**Exercise aim:**
In the data below, the answer is the run of lines from the line containing "move=> At xy" through the line containing "- exact: one.", both included; print it exactly and nothing else.

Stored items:

┄┄┄┄┄┄┄┄┄┄

(* For a vertex u outside the cover X let p_u be its earliest time edge in S;
   p_u joins u to a vertex of X.  Fix x in X and, among the vertices u whose
   edge p_u ends at x, take the one, w, whose edge p_w carries the latest label.
   Happiness makes p_w the unique earliest edge at w, so the foremost tree of S
   rooted at w contains it, and prepending p_w turns every journey from w into
   one from x: that tree is also an out-tree rooted at x.  Every other such u
   leaves through p_u strictly before the label of p_w, hence reaches x in time
   to use the tree.  The trees for x in X together with the edges p_u thus form
   a temporally connected subgraph of S, which is S itself by minimality. *)

Section Journeys.

Variables (V : finType) (T : nat).
Implicit Types (A B : {set tedge V T}) (u v w x y z : V) (s : nat)
  (l : seq (V * 'I_T.+1)).

Fixpoint twalk A u s l : Prop :=
  if l is (y, t) :: l' then [/\ ([set u; y], t) \in A, s <= t & twalk A y t.+1 l']
  else True.

Definition next_time s l := last s [seq (val q.2).+1 | q <- l].

Definition journey A u s v l :=
  [/\ twalk A u s l, uniq (u :: map fst l) & last u (map fst l) = v].

Definition treach A u s v := exists l, journey A u s v l.

Definition arrives A u v n := exists l, journey A u 0 v l /\ next_time 0 l = n.

Lemma next_time_rcons s l (q : V * 'I_T.+1) : next_time s (rcons l q) = q.2.+1.
Proof. by rewrite /next_time map_rcons last_rcons. Qed.

Lemma next_time_ge A u s l : twalk A u s l -> s <= next_time s l.
Proof. by elim: l u s => [|[y t] l IH] u s //= [_ le_st /IH]; apply/leq_trans/leqW. Qed.

Lemma twalk_rcons A u s l y t :
  twalk A u s (rcons l (y, t)) <->
  [/\ twalk A u s l, ([set last u (map fst l); y], t) \in A & next_time s l <= t].
Proof.
elim: l u s => [|[z t'] l IH] u s /=; first by split=> [[]|[]].
split=> [[? ? /IH [? ? ?]] | [[? ? ?] ? ?]] //; split=> //; exact/IH.
Qed.

Lemma twalk_mono A u s s' l : s' <= s -> twalk A u s l -> twalk A u s' l.
Proof. by case: l => [|[y t] l] //= le_s [? /(leq_trans le_s)]. Qed.

Lemma twalk_raise A u s s' l :
  (forall q, q \in A -> u \in q.1 -> s' <= q.2) -> twalk A u s l -> twalk A u s' l.
Proof.
by case: l => [|[y t] l] //= le_s' [At _ ?]; split=> //; apply: le_s' At (set21 _ _).
Qed.

Lemma twalk_subset A B u s l : A \subset B -> twalk A u s l -> twalk B u s l.
Proof. by move/subsetP=> AB; elim: l u s => [|[y t] l IH] u s //= [/AB ? ? /IH]. Qed.

Definition hops A u xs (ts : seq 'I_T.+1) :=
  forall i, i < size xs ->
    ([set nth u (u :: xs) i; nth u (u :: xs) i.+1], nth ord0 ts i) \in A.

Lemma hops_cons A u y xs t ts :
  hops A u (y :: xs) (t :: ts) <-> ([set u; y], t) \in A /\ hops A y xs ts.
Proof.
have nthE i : i < size xs ->
    [set nth u (u :: y :: xs) i.+1; nth u (u :: y :: xs) i.+2] =
    [set nth y (y :: xs) i; nth y (y :: xs) i.+1].
  by move=> lt_i /=; rewrite !(set_nth_default y u) //= ltnW.
split=> [hs | [Ay hs] [|i] lt_i //].
  by split=> [|i lt_i]; [exact: (hs 0 isT) | rewrite -nthE //; exact: (hs i.+1 lt_i)].
by rewrite nthE //; exact: hs.
Qed.

Lemma twalk_zip A u s xs ts : size ts = size xs ->
  twalk A u s (zip xs ts) <->
  [/\ all (fun t : 'I_T.+1 => s <= t) ts, sorted ltn (map val ts) & hops A u xs ts].
Proof.
elim: xs ts u s => [|y xs IH] [|t ts] //= u s [/IH {}IH].
rewrite /= path_sortedE ?all_map; last exact: ltn_trans.
split=> [[At le_st /IH [all_t -> hs]] | [/andP [le_st _] /andP [all_t sorted_t]]].
  rewrite le_st all_t; split=> //; last exact/hops_cons.
  by apply: sub_all all_t => t' /ltnW; apply: leq_trans.
by case/hops_cons=> At hs; split=> //; apply/IH.
Qed.

Lemma tpath_treach A u v : tpath A u v <-> treach A u 0 v.
Proof.
split=> [[xs [ts [size_ts uniq_xs last_xs sorted_ts hs]]] | [l [wl uniq_l last_l]]].
  have zipK : map fst (zip xs ts) = xs by rewrite -/(unzip1 _) unzip1_zip // size_ts.
  exists (zip xs ts); split; rewrite ?zipK //.
  by apply/(twalk_zip _ _ _ size_ts); split=> //; apply/allP.
have size_l : size (unzip2 l) = size (unzip1 l) by rewrite !size_map.
move: wl; rewrite -[l]zip_unzip => /(twalk_zip _ _ _ size_l) [_ sorted_l hs].
by exists (unzip1 l), (unzip2 l); split.
Qed.

Lemma treach_refl A u s : treach A u s u.
Proof. by exists [::]. Qed.

Lemma treach_subset A B u s v : A \subset B -> treach A u s v -> treach B u s v.
Proof. by move=> AB [l [wl ? ?]]; exists l; split=> //; exact: twalk_subset wl. Qed.

Lemma treach_mono A u s s' v : s' <= s -> treach A u s v -> treach A u s' v.
Proof. by move=> le_s [l [wl ? ?]]; exists l; split=> //; exact: twalk_mono wl. Qed.

Lemma treach_suffix A u s v l z :
  journey A u s v l -> z \in map fst l -> treach A z s.+1 v.
Proof.
elim: l u s => [|[y t] l IH] u s //= [[_ le_st wl] /andP [_ uniq_l] last_l].
rewrite inE => /predU1P [-> | z_l]; first by exists l; split=> //; exact: twalk_mono wl.
by apply: treach_mono (IH _ _ (And3 wl uniq_l last_l) z_l); rewrite ltnS leqW.
Qed.

Lemma treach_cons A x y t s v :
  ([set x; y], t) \in A -> x != y -> s <= t -> treach A y t.+1 v -> treach A x s v.
Proof.
move=> At xy le_st [l jl]; have [x_l | x_notin] := boolP (x \in map fst l).
  by apply: treach_mono _ (treach_suffix jl x_l); rewrite (leq_trans le_st) // leqW.
case: jl => wl uniq_l last_l; exists ((y, t) :: l); split=> //=.
by rewrite inE negb_or xy x_notin.
Qed.

Lemma treach_via_first_edge A u x t w :
  ([set u; x], t) \in A -> u != x ->
  (forall q, q \in A -> u \in q.1 -> q != ([set u; x], t) -> t < q.2) ->
  treach A u 0 w -> treach A x t w.
Proof.
move=> At ux lt_t [l [wl uniq_l last_l]].
have le_t q : q \in A -> u \in q.1 -> t <= q.2.
  by move=> qA uq; have [-> // | /(lt_t _ qA uq) /ltnW] := eqVneq q ([set u; x], t).
have jt : journey A u t w l by split=> //; exact: twalk_raise le_t wl.
have [x_l | x_notin] := boolP (x \in map fst l).
  exact: treach_mono (leqnSn t) (treach_suffix jt x_l).
have Axu : ([set x; u], t) \in A by rewrite setUC.
apply: (treach_cons Axu _ (leqnn t)); first by rewrite eq_sym.
case: l jt x_notin {wl uniq_l last_l} => [|[y t'] l] [/= wl uniq_l last_l] x_notin.
  by rewrite -last_l; exact: treach_refl.
case: wl => Ay _ wl; exists ((y, t') :: l); split=> //; split=> //.
have [uy yx] : u != y /\ y != x.
  move: uniq_l x_notin; rewrite !inE !negb_or => /and3P [/andP [uy _] _ _] /andP [xy _].
  by rewrite eq_sym in xy.
apply: lt_t Ay (set21 _ _) _; apply/negP => /eqP [/setP /(_ y)].
by rewrite !inE eqxx orbT [y == u]eq_sym (negbTE uy) (negbTE yx).
Qed.

Lemma arrives_last_hop A u v n : v != u -> arrives A u v n ->
  exists y (t : 'I_T.+1) m, [/\ ([set y; v], t) \in A, t.+1 = n, m <= t & arrives A u y m].
Proof.
move=> vu [l [[wl uniq_l last_l] <-]].
case/lastP: l wl uniq_l last_l => [|l [z t]] wl uniq_l.
  by move=> /= uv; rewrite uv eqxx in vu.
rewrite map_rcons last_rcons /= => zv; subst z.
case/twalk_rcons: wl => wl At le_t; exists (last u (map fst l)), t, (next_time 0 l).
split=> //; first by rewrite next_time_rcons.
exists l; split=> //; split=> //.
by move: uniq_l; rewrite map_rcons -rcons_cons rcons_uniq => /andP [].
Qed.

End Journeys.

Section Happy.

Variables (V : finType) (T : nat).
Implicit Types (A B : {set tedge V T}) (p q : tedge V T) (u v x y : V).

Lemma happy_subset A B : A \subset B -> happy B -> happy A.
Proof.
move/subsetP=> AB [wf one disj]; split=> [p /AB | e e' t /AB + /AB | e e' t /AB + /AB].
- exact: wf.
- exact: one.
- exact: disj.
Qed.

┄┄┄┄┄┄┄┄┄┄

**Your response:**
move=> At xy le_st [l jl]; have [x_l | x_notin] := boolP (x \in map fst l).
  by apply: treach_mono _ (treach_suffix jl x_l); rewrite (leq_trans le_st) // leqW.
case: jl => wl uniq_l last_l; exists ((y, t) :: l); split=> //=.
by rewrite inE negb_or xy x_notin.
Qed.

Lemma treach_via_first_edge A u x t w :
  ([set u; x], t) \in A -> u != x ->
  (forall q, q \in A -> u \in q.1 -> q != ([set u; x], t) -> t < q.2) ->
  treach A u 0 w -> treach A x t w.
Proof.
move=> At ux lt_t [l [wl uniq_l last_l]].
have le_t q : q \in A -> u \in q.1 -> t <= q.2.
  by move=> qA uq; have [-> // | /(lt_t _ qA uq) /ltnW] := eqVneq q ([set u; x], t).
have jt : journey A u t w l by split=> //; exact: twalk_raise le_t wl.
have [x_l | x_notin] := boolP (x \in map fst l).
  exact: treach_mono (leqnSn t) (treach_suffix jt x_l).
have Axu : ([set x; u], t) \in A by rewrite setUC.
apply: (treach_cons Axu _ (leqnn t)); first by rewrite eq_sym.
case: l jt x_notin {wl uniq_l last_l} => [|[y t'] l] [/= wl uniq_l last_l] x_notin.
  by rewrite -last_l; exact: treach_refl.
case: wl => Ay _ wl; exists ((y, t') :: l); split=> //; split=> //.
have [uy yx] : u != y /\ y != x.
  move: uniq_l x_notin; rewrite !inE !negb_or => /and3P [/andP [uy _] _ _] /andP [xy _].
  by rewrite eq_sym in xy.
apply: lt_t Ay (set21 _ _) _; apply/negP => /eqP [/setP /(_ y)].
by rewrite !inE eqxx orbT [y == u]eq_sym (negbTE uy) (negbTE yx).
Qed.

Lemma arrives_last_hop A u v n : v != u -> arrives A u v n ->
  exists y (t : 'I_T.+1) m, [/\ ([set y; v], t) \in A, t.+1 = n, m <= t & arrives A u y m].
Proof.
move=> vu [l [[wl uniq_l last_l] <-]].
case/lastP: l wl uniq_l last_l => [|l [z t]] wl uniq_l.
  by move=> /= uv; rewrite uv eqxx in vu.
rewrite map_rcons last_rcons /= => zv; subst z.
case/twalk_rcons: wl => wl At le_t; exists (last u (map fst l)), t, (next_time 0 l).
split=> //; first by rewrite next_time_rcons.
exists l; split=> //; split=> //.
by move: uniq_l; rewrite map_rcons -rcons_cons rcons_uniq => /andP [].
Qed.

End Journeys.

Section Happy.

Variables (V : finType) (T : nat).
Implicit Types (A B : {set tedge V T}) (p q : tedge V T) (u v x y : V).

Lemma happy_subset A B : A \subset B -> happy B -> happy A.
Proof.
move/subsetP=> AB [wf one disj]; split=> [p /AB | e e' t /AB + /AB | e e' t /AB + /AB].
- exact: wf.
- exact: one.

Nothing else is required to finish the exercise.